Reference will now be made in detail to the embodiments, examples of which are illustrated in the accompanying drawings. When the following description refers to the accompanying drawings, the same numbers in different drawings refer to the same or similar elements, unless otherwise indicated. The embodiments described in the examples below do not represent all embodiments consistent with the application. Merely exemplary of systems and methods consistent with aspects of the application as set forth in the claims.

The digital person is the result of the humanoid image or software production produced by the computer technology, and the activities of virtual anchor, virtual even image, virtual staff and the like can be realized by the digital person technology. The digital person is composed of preset images, sounds and scenes, and in some embodiments, the digital person can drive the digital person to display different actions or expressions according to voice or other forms of contents input by a user so as to generate digital person videos.

The demand for digital persons varies in different usage scenarios for different user groups. Therefore, the user needs to customize the digital personal service according to his own needs, that is, the user needs to repeatedly communicate with the digital personal service party about the scene, content, etc. of the digital personal video. And the digital person service side establishes a digital person model according to the description of the user to generate a digital person video. However, the method of customizing communication not only needs to consume a long time, but also has a high probability that the generated digital human video does not coincide with the video content expected by the user, so that the generation efficiency of the digital human video is low, and the experience of the user is reduced.

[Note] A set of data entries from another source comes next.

Section factorized_model.
Context d (T : measurableType d) (R : realType) (P : probability T R).
Variables (A C D : T -> bool) (Y : T -> R).
Hypotheses (mA : measurable_fun setT A) (mC : measurable_fun setT C)
  (mD : measurable_fun setT D) (mY : measurable_fun setT Y)
  (iY : P.-integrable setT (EFin \o Y)).
Hypothesis factorization : forall (x y z : bool) (B : set R), measurable B ->
  pr P (ev A x `&` ev C y `&` ev D z `&` Y @^-1` B)
  = pr P (ev C y) * cpr P (ev D z) (ev C y) * cpr P (ev A x) (ev C y)
    * cpr P (Y @^-1` B) (ev A x `&` ev C y).
Hypothesis cell_gt0 : forall x y z : bool, 0 < pr P (ev A x `&` ev C y `&` ev D z).

Local Notation cell x y z := (ev A x `&` ev C y `&` ev D z).
Local Notation m x y := (condE P Y (ev A x `&` ev C y)).

Let mA_ x : measurable (ev A x). Proof. exact: measurable_ev. Qed.
Let mC_ y : measurable (ev C y). Proof. exact: measurable_ev. Qed.
Let mD_ z : measurable (ev D z). Proof. exact: measurable_ev. Qed.
Let mcell x y z : measurable (cell x y z).
Proof. by apply: measurableI => //; exact: measurableI. Qed.

Lemma pr_AC_gt0 x y : 0 < pr P (ev A x `&` ev C y).
Proof.
have mAC : measurable (ev A x `&` ev C y) by exact: measurableI.
exact: lt_le_trans (cell_gt0 x y true) (le_pr P (mcell _ _ _) mAC (@subIsetl _ _ _)).
Qed.

Lemma pr_DC_gt0 z y : 0 < pr P (ev D z `&` ev C y).
Proof.
have mDC : measurable (ev D z `&` ev C y) by exact: measurableI.
apply: lt_le_trans (cell_gt0 true y z) (le_pr P (mcell _ _ _) mDC _).
by move=> t [[_ Ct] Dt]; split.
Qed.

Lemma pr_C_gt0 y : 0 < pr P (ev C y).
Proof.
apply: lt_le_trans (pr_AC_gt0 true y) (le_pr P _ (mC_ y) (@subIsetr _ _ _)).
exact: measurableI.
Qed.

Lemma pr_cell x y z :
  pr P (cell x y z) = pr P (ev C y) * cpr P (ev D z) (ev C y) * cpr P (ev A x) (ev C y).
Proof.
have := factorization x y z measurableT; rewrite preimage_setT setIT /cpr setTI.
by rewrite divff ?mulr1 // gt_eqF // pr_AC_gt0.
Qed.

Lemma condE_cell x y z : condE P Y (cell x y z) = m x y.
Proof.
by apply: condE_setI_indep => // [|B mB]; [exact: measurableI | rewrite factorization // pr_cell].
Qed.

Lemma condE_ev_A x : condE P Y (ev A x)
  = wavg (pr P (ev A x `&` ev C true)) (pr P (ev A x `&` ev C false)) (m x true) (m x false).
Proof. by apply: condE_ev_split => //; exact: pr_AC_gt0. Qed.

Lemma condE_ev_AD x z : condE P Y (ev A x `&` ev D z)
  = wavg (pr P (cell x true z)) (pr P (cell x false z)) (m x true) (m x false).
Proof.
have mAD : measurable (ev A x `&` ev D z) by exact: measurableI.
rewrite (condE_ev_split mY iY mAD mC) !(setIAC (ev A x) (ev D z)) ?condE_cell //.
Qed.

Lemma pr_C_neq0 y : pr P (ev C y) != 0.
Proof. exact/lt0r_neq0/pr_C_gt0. Qed.

Lemma cpr_AN x y : cpr P (ev A (~~ x)) (ev C y) = 1 - cpr P (ev A x) (ev C y).
Proof. exact: (cpr_evN x (mC_ y) mA (pr_C_neq0 y)). Qed.

Lemma cpr_DN z y : cpr P (ev D (~~ z)) (ev C y) = 1 - cpr P (ev D z) (ev C y).
Proof. exact: (cpr_evN z (mC_ y) mD (pr_C_neq0 y)). Qed.

Lemma cpr_A_lt1 x y : cpr P (ev A x) (ev C y) < 1.
Proof. exact: cpr_ev_lt1 (mC_ y) mA (pr_AC_gt0 _ y). Qed.

Lemma cpr_D_lt1 z y : cpr P (ev D z) (ev C y) < 1.
Proof. exact: cpr_ev_lt1 (mC_ y) mD (pr_DC_gt0 _ y). Qed.

Hypothesis pr_C_half : pr P (ev C true) = 2^-1.
Hypothesis cpr_D_sym : cpr P (ev D true) (ev C true) = cpr P (ev D false) (ev C false).

Local Notation alpha := (cpr P (ev A true) (ev C true)).
Local Notation beta := (cpr P (ev A false) (ev C false)).
Local Notation q := (cpr P (ev D true) (ev C true)).

Lemma pr_Cfalse_half : pr P (ev C false) = 2^-1.
Proof.
have := pr_ev_split P measurableT mC; rewrite !setTI pr_C_half.
by rewrite {1}/pr probability_setT /=; lra.
Qed.

Lemma pr_D_half z : pr P (ev D z) = 2^-1.
Proof.
rewrite (pr_ev_split P (mD_ z) mC) !pr_setI_cpr ?pr_C_neq0 // pr_C_half pr_Cfalse_half.
rewrite -mulrDr -[RHS]mulr1; congr (_ * _).
have /= := cpr_DN true true; have /= := cpr_DN false false.
case: z => /= [-> _|_ ->]; first by rewrite cpr_D_sym addrC subrK.
by rewrite -cpr_D_sym subrK.
Qed.

Lemma RD_true_CE : RD_true P A C Y
  = (m true true + m true false) / 2 - (m false true + m false false) / 2.
Proof. by rewrite /RD_true pr_C_half pr_Cfalse_half; field. Qed.

Lemma RD_crudeE : RD_crude P A Y
  = strat_avg 2^-1 alpha (1 - beta) (m true true) (m true false)
    - strat_avg 2^-1 beta (1 - alpha) (m false false) (m false true).
Proof.
rewrite /RD_crude !condE_ev_A !pr_setI_cpr ?pr_C_neq0 // pr_C_half pr_Cfalse_half.
rewrite (cpr_AN true true) (cpr_AN false false) !wavgZ ?invr_eq0 ?pnatr_eq0 //.
by rewrite !strat_avg_half (wavgC _ _ (m false true)).
Qed.

Lemma RD_true_DE : RD_true P A D Y
  = strat_avg q alpha (1 - beta) (m true true) (m true false)
    - strat_avg q beta (1 - alpha) (m false false) (m false true).
Proof.
rewrite /RD_true !condE_ev_AD !pr_cell pr_C_half pr_Cfalse_half !pr_D_half.
rewrite (cpr_AN true true) (cpr_AN false false) (cpr_DN true true) (cpr_DN false false).
rewrite -cpr_D_sym -!(mulrA 2^-1) !wavgZ ?invr_eq0 ?pnatr_eq0 //.
rewrite !(wavgC _ _ (m false true)).
by rewrite /strat_avg; field.
Qed.

End factorized_model.

Theorem theorem5 (d : measure_display) (T : measurableType d) (R : realType)
  (P : probability T R) (A C D : T -> bool) (Y : T -> R)
  (mA : measurable_fun setT A) (mC : measurable_fun setT C)
  (mD : measurable_fun setT D) (mY : measurable_fun setT Y)
  (iY : P.-integrable setT (EFin \o Y))
  (* p(A,C,D,Y) = p(C) p(D|C) p(A|C) p(Y|A,C) *)
  (fact : forall (x y z : bool) (B : set R), measurable B ->
     pr P (ev A x `&` ev C y `&` ev D z `&` Y @^-1` B)
     = pr P (ev C y) * cpr P (ev D z) (ev C y) * cpr P (ev A x) (ev C y)
       * cpr P (Y @^-1` B) (ev A x `&` ev C y))
  (pos : forall x y z : bool, 0 < pr P (ev A x `&` ev C y `&` ev D z))
  (pc : pr P (ev C true) = 2^-1)
  (pd1 : cpr P (ev D true) (ev C true) = cpr P (ev D false) (ev C false))
  (pd2 : 2^-1 <= cpr P (ev D true) (ev C true))
  (pa1 : cpr P (ev A true) (ev C true) <= cpr P (ev A false) (ev C false))
  (pa2 : 2^-1 <= cpr P (ev A true) (ev C true))
  (hY1 : condE P Y (ev A true `&` ev C true) - condE P Y (ev A true `&` ev C false)
         <= condE P Y (ev A false `&` ev C false) - condE P Y (ev A false `&` ev C true))
  (hY2 : condE P Y (ev A false `&` ev C false) - condE P Y (ev A false `&` ev C true)
         <= 0) :
  RD_crude P A Y <= RD_true P A C Y /\ RD_true P A D Y <= RD_true P A C Y.
Proof.
have beta_lt1 := cpr_A_lt1 mA mC mD pos false false.
have q_lt1 := cpr_D_lt1 mA mC mD pos true true.
have half_gt0 : 0 < 2^-1 :> R by rewrite invr_gt0.
rewrite (RD_true_CE A Y mC pc); split.
- rewrite (RD_crudeE mA mC mD mY iY pos pc).
  apply: strat_avg_contrast_le => //.
  by rewrite half_gt0 invf_lt1 ?ltr1n.
- rewrite (RD_true_DE mA mC mD mY iY fact pos pc pd1).
  apply: strat_avg_contrast_le => //.
  by rewrite (lt_le_trans half_gt0 pd2).
Qed.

As shown in fig. 1, some embodiments of the present application provide a digital human video system including a model unit, a template unit, a sound unit, and a table unit. Wherein the model unit is used for displaying digital human images; the template unit is used for editing the scene of the digital human video, and can further edit characters, images, audio and the like in the scene to form the background of the digital human video, other displayed contents and the like; the sound module is used for displaying sounds with different timbres and tones so as to drive the digital person to pronounce according to the sound characteristics selected by the user; the table book unit is used for determining the theme of the digital person video so as to drive the digital person to explain and the like according to the table book selected by the user. The user can customize the image of the digital person and the content of the digital person video based on the digital person video system provided by the embodiment, so as to obtain the digital person video required by the user.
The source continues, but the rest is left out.